### Your objective
Below are the records; copy exactly the stretch from the line containing "Lemma rgauss_seq_shift x" through the line containing "specialize (HN m", both ends included, and nothing else.

### Records for the exercise
--------------------------------
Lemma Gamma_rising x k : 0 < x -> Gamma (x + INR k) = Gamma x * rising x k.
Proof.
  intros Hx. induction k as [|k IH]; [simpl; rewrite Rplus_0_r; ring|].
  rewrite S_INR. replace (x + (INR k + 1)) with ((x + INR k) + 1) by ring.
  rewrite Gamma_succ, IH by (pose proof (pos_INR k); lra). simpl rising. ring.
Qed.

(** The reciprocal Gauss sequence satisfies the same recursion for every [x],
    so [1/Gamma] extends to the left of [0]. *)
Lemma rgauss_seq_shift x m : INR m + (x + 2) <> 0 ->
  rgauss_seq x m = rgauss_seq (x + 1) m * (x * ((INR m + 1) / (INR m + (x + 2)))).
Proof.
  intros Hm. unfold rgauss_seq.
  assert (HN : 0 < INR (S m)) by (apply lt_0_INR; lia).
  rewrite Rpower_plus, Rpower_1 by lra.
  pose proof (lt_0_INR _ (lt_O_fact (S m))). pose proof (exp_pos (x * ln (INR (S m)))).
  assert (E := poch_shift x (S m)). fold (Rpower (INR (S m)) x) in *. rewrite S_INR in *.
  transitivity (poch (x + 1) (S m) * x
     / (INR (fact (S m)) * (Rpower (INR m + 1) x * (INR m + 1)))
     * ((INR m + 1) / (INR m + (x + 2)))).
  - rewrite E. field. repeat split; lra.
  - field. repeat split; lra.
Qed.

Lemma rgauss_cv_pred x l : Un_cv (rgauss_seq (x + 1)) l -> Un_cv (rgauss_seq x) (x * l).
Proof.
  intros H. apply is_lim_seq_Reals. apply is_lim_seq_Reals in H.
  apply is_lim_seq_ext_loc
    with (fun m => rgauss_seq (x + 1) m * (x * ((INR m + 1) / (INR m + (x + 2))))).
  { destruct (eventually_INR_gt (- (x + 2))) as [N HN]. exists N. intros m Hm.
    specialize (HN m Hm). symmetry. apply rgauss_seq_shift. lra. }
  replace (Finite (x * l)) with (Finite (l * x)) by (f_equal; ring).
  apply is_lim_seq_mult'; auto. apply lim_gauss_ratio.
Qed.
--------------------------------
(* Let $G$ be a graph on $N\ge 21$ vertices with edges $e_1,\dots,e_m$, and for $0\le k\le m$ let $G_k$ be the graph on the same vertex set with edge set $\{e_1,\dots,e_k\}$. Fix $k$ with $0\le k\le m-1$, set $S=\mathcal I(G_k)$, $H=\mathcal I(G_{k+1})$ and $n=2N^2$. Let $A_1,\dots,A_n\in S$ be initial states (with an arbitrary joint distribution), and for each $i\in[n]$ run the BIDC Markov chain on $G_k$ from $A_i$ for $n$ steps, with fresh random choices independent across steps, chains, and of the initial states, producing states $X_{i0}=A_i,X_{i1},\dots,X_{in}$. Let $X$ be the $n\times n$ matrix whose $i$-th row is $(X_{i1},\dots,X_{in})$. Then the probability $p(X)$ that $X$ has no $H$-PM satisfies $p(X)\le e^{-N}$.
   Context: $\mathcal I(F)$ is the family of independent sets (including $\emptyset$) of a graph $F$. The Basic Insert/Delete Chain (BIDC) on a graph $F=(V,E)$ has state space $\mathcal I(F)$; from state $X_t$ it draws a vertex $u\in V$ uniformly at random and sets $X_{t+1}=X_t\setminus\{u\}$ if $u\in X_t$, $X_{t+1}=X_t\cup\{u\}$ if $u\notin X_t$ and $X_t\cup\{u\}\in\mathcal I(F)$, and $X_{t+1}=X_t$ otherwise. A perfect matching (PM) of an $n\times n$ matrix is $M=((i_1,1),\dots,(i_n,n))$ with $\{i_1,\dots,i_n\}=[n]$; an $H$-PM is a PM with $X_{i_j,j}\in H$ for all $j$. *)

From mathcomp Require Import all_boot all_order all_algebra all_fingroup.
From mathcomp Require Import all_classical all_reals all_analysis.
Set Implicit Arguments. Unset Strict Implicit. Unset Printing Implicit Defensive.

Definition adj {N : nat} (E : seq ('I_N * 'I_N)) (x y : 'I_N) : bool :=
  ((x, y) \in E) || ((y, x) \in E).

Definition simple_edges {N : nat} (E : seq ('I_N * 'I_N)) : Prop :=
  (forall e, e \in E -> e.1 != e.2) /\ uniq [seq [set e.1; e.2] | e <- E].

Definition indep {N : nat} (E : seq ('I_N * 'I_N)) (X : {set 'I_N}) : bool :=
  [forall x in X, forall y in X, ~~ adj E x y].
--------------------------------
### Answer for the task
Lemma rgauss_seq_shift x m : INR m + (x + 2) <> 0 ->
  rgauss_seq x m = rgauss_seq (x + 1) m * (x * ((INR m + 1) / (INR m + (x + 2)))).
Proof.
  intros Hm. unfold rgauss_seq.
  assert (HN : 0 < INR (S m)) by (apply lt_0_INR; lia).
  rewrite Rpower_plus, Rpower_1 by lra.
  pose proof (lt_0_INR _ (lt_O_fact (S m))). pose proof (exp_pos (x * ln (INR (S m)))).
  assert (E := poch_shift x (S m)). fold (Rpower (INR (S m)) x) in *. rewrite S_INR in *.
  transitivity (poch (x + 1) (S m) * x
     / (INR (fact (S m)) * (Rpower (INR m + 1) x * (INR m + 1)))
     * ((INR m + 1) / (INR m + (x + 2)))).
  - rewrite E. field. repeat split; lra.
  - field. repeat split; lra.
Qed.

Lemma rgauss_cv_pred x l : Un_cv (rgauss_seq (x + 1)) l -> Un_cv (rgauss_seq x) (x * l).
Proof.
  intros H. apply is_lim_seq_Reals. apply is_lim_seq_Reals in H.
  apply is_lim_seq_ext_loc
    with (fun m => rgauss_seq (x + 1) m * (x * ((INR m + 1) / (INR m + (x + 2))))).
  { destruct (eventually_INR_gt (- (x + 2))) as [N HN]. exists N. intros m Hm.
    specialize (HN m Hm). symmetry. apply rgauss_seq_shift. lra. }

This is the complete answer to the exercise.